Greek slump hits pay TV

The country has just one significant pay TV operator, Forthnet, which has been in merger discussions with several parties including Telco Wind Hellas, and global mobile and broadband provider Vodafone.

Forthnet began as an Internet Service Provider, but then in 2008 purchased Netmed, owner of DTH satellite TV providers NOVA Greece and NOVA Cyprus, for €430 million. Currently, it has 350,000 pay TV subscribers, but this is now decreasing as a growing number of customers cannot afford the subscription. Wind Hellas, based in Athens, offers fixed-line services and is also Greece’s third-largest mobile operator after Cosmote and Vodafone, with over 4 million subscribers. However, it also ran into financial difficulties because of the slump, and so may not be in a position to merge with Forthnet, although discussions took place in 2011. Vodafone can afford it, but, given the country’s turmoil, is reluctant to spend too much on assets of declining value.
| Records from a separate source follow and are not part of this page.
(* Let $F$ be a field of characteristic $2$, let $i\le n$ be positive integers, let $X_1,\dots,X_{i-1},Y_i,\dots,Y_n,Z_i,\dots,Z_n$ be indeterminates, and let $K=F(X_1,\dots,X_{i-1},Y_i,\dots,Y_n,Z_i,\dots,Z_n)$. Then $$\mathfrak b:=\langle\langle X_1,\dots,X_{i-1}\rangle\rangle_b\otimes\big(\langle\langle Y_i,\dots,Y_n\rangle\rangle_b'\perp\langle\langle Z_i,\dots,Z_n\rangle\rangle_b'\big)$$ is an anisotropic symmetric bilinear form over $K$ of dimension $2^{n+1}-2^i$ with $[\mathfrak b]\in I^n(K)$.
   Context: $\langle\langle a_1,\dots,a_m\rangle\rangle_b=\langle1,a_1\rangle_b\otimes\cdots\otimes\langle1,a_m\rangle_b$ is the $m$-fold bilinear Pfister form, i.e. $\perp_{S\subseteq\{1,\dots,m\}}\langle\prod_{j\in S}a_j\rangle_b$; its pure part $\langle\langle a_1,\dots,a_m\rangle\rangle_b'$ (for $m\ge1$) is $\perp_{\emptyset\ne S\subseteq\{1,\dots,m\}}\langle\prod_{j\in S}a_j\rangle_b$, the complement of $\langle1\rangle_b$. $W(K)$ is the Witt ring of (non-degenerate) symmetric bilinear forms, $I(K)$ its fundamental ideal and $I^n(K)$ its $n$-th power; a form is anisotropic if $\mathfrak b(v,v)\ne0$ for $v\ne0$. *)

From HB Require Import structures.
From mathcomp Require Import all_boot all_order all_algebra.
From mathcomp Require Import mpoly.
Set Implicit Arguments. Unset Strict Implicit. Unset Printing Implicit Defensive.
Import GRing.Theory.
Local Open Scope ring_scope.

(* A (possibly degenerate) bilinear form on K^d, given by its Gram matrix:
   b(u,v) = u *m A *m v^T for row vectors u v. *)
Record bform (K : fieldType) := BForm { bdim : nat; bmx : 'M[K]_bdim }.

Section Forms.
Variable K : fieldType.

Definition nondeg (b : bform K) : bool :=
  ((bmx b)^T == bmx b) && (\det (bmx b) != 0).

Definition bval (b : bform K) (u v : 'rV[K]_(bdim b)) : K :=
  (u *m bmx b *m v^T) 0 0.

Definition anisotropic (b : bform K) : Prop :=
  forall v : 'rV[K]_(bdim b), v != 0 -> bval v v != 0.

Definition bsum (b1 b2 : bform K) : bform K :=
  @BForm K (bdim b1 + bdim b2) (block_mx (bmx b1) 0 0 (bmx b2)).

Definition isometric (b1 b2 : bform K) : Prop :=
  exists P : 'M[K]_(bdim b1, bdim b2),
    [/\ row_free P, row_full P & P^T *m bmx b1 *m P = bmx b2].

Definition metabolic (b : bform K) : Prop :=
  nondeg b /\ exists k, exists U : 'M[K]_(k, bdim b),
    [/\ k.*2 = bdim b, row_free U & U *m bmx b *m U^T = 0].

Definition witt_equiv (b1 b2 : bform K) : Prop :=
  exists m1 m2, metabolic m1 /\ metabolic m2 /\ isometric (bsum b1 m1) (bsum b2 m2).

Definition diagf (s : seq K) : bform K :=
  @BForm K (size s) (diag_mx (\row_(j < size s) s`_j)).

(* tensor product of diagonal forms: <a_i> (x) <b_j> = <a_i b_j> *)
Definition dtensor (s t : seq K) : seq K := [seq x * y | x <- s, y <- t].

(* bilinear Pfister form <<a_1,...,a_m>>_b = <1,a_1> (x) ... (x) <1,a_m>;
   its first diagonal entry is the entry 1 of the empty subset *)
Definition pfister (a : seq K) : seq K := foldr (fun x p => dtensor [:: 1; x] p) [:: 1] a.

Definition pure_pfister (a : seq K) : seq K := behead (pfister a).

(* [b] \in I^n(K): the class of b is a finite sum of products of n
   elements of the fundamental ideal I(K) (classes of even-dimensional forms,
   represented by non-degenerate even-dimensional diagonal forms).
   In characteristic 2, [b] + [b] = 0, so the additive subgroup generated
   by such products is the set of such finite sums. *)
Definition in_In (n : nat) (b : bform K) : Prop :=
  exists fs : seq (seq (seq K)),
    (forall f, f \in fs -> size f = n /\
        forall g, g \in f -> ~~ odd (size g) /\ all (fun x => x != 0) g) /\
    witt_equiv b (diagf (flatten [seq foldr dtensor [:: 1] f | f <- fs])).

End Forms.

Definition ratfun (F : fieldType) (m : nat) := {fraction {mpoly F[m]}}.

Definition indet (F : fieldType) (m k : nat) : ratfun F m :=
  if insub k is Some j then @FracField.tofrac {mpoly F[m]} 'X_j else 0.

(* The diagonal entries of b are squarefree monomials in the indeterminates, pairwise
   distinct because b is a subform of the generic Pfister form <<X, Y, Z>>_b.  Clearing
   denominators, an isotropic vector yields polynomials w_k with sum_k T^(a_k) w_k^2 = 0;
   in characteristic 2 every monomial of w_k^2 has even exponents, so the coefficient of
   T^(a_k + 2y) sees only the k-th summand and forces w_k = 0.
   For [b] in I^n: as multisets of diagonal entries,
   b _|_ <<X>> _|_ <<X>> = <<X, Y>> _|_ <<X, Z>>, and <<X>> _|_ <<X>> is metabolic in
   characteristic 2 (the diagonal is a Lagrangian). *)

From HB Require Import structures.
From mathcomp Require Import all_boot all_order all_algebra.
From mathcomp Require Import mpoly.
From mathcomp Require Import perm zify ring.
Set Implicit Arguments. Unset Strict Implicit. Unset Printing Implicit Defensive.
Import GRing.Theory.
Local Open Scope ring_scope.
Greece is now in its fifth successive year of recession, which is accelerating as its economy contracted by 6.8 percent in 2011, bringing output levels down by about 16 percent from the peak in 2007 before the crisis began. Membership of the Euro has been a major contributing factor, since interest policy has been engineered more to suit the major economies, notably Germany, holding up the currency’s value and making it hard for Greece to compete, and even retarding tourism as inflation drove prices up.

European finance ministers did approve a €130 billion bailout package for Greece last week after a night of haggling in Brussels. Many analysts, however, consider this will only postpone the day of the country’s exit from the Euro, enabling it to devalue its own currency and start to recover.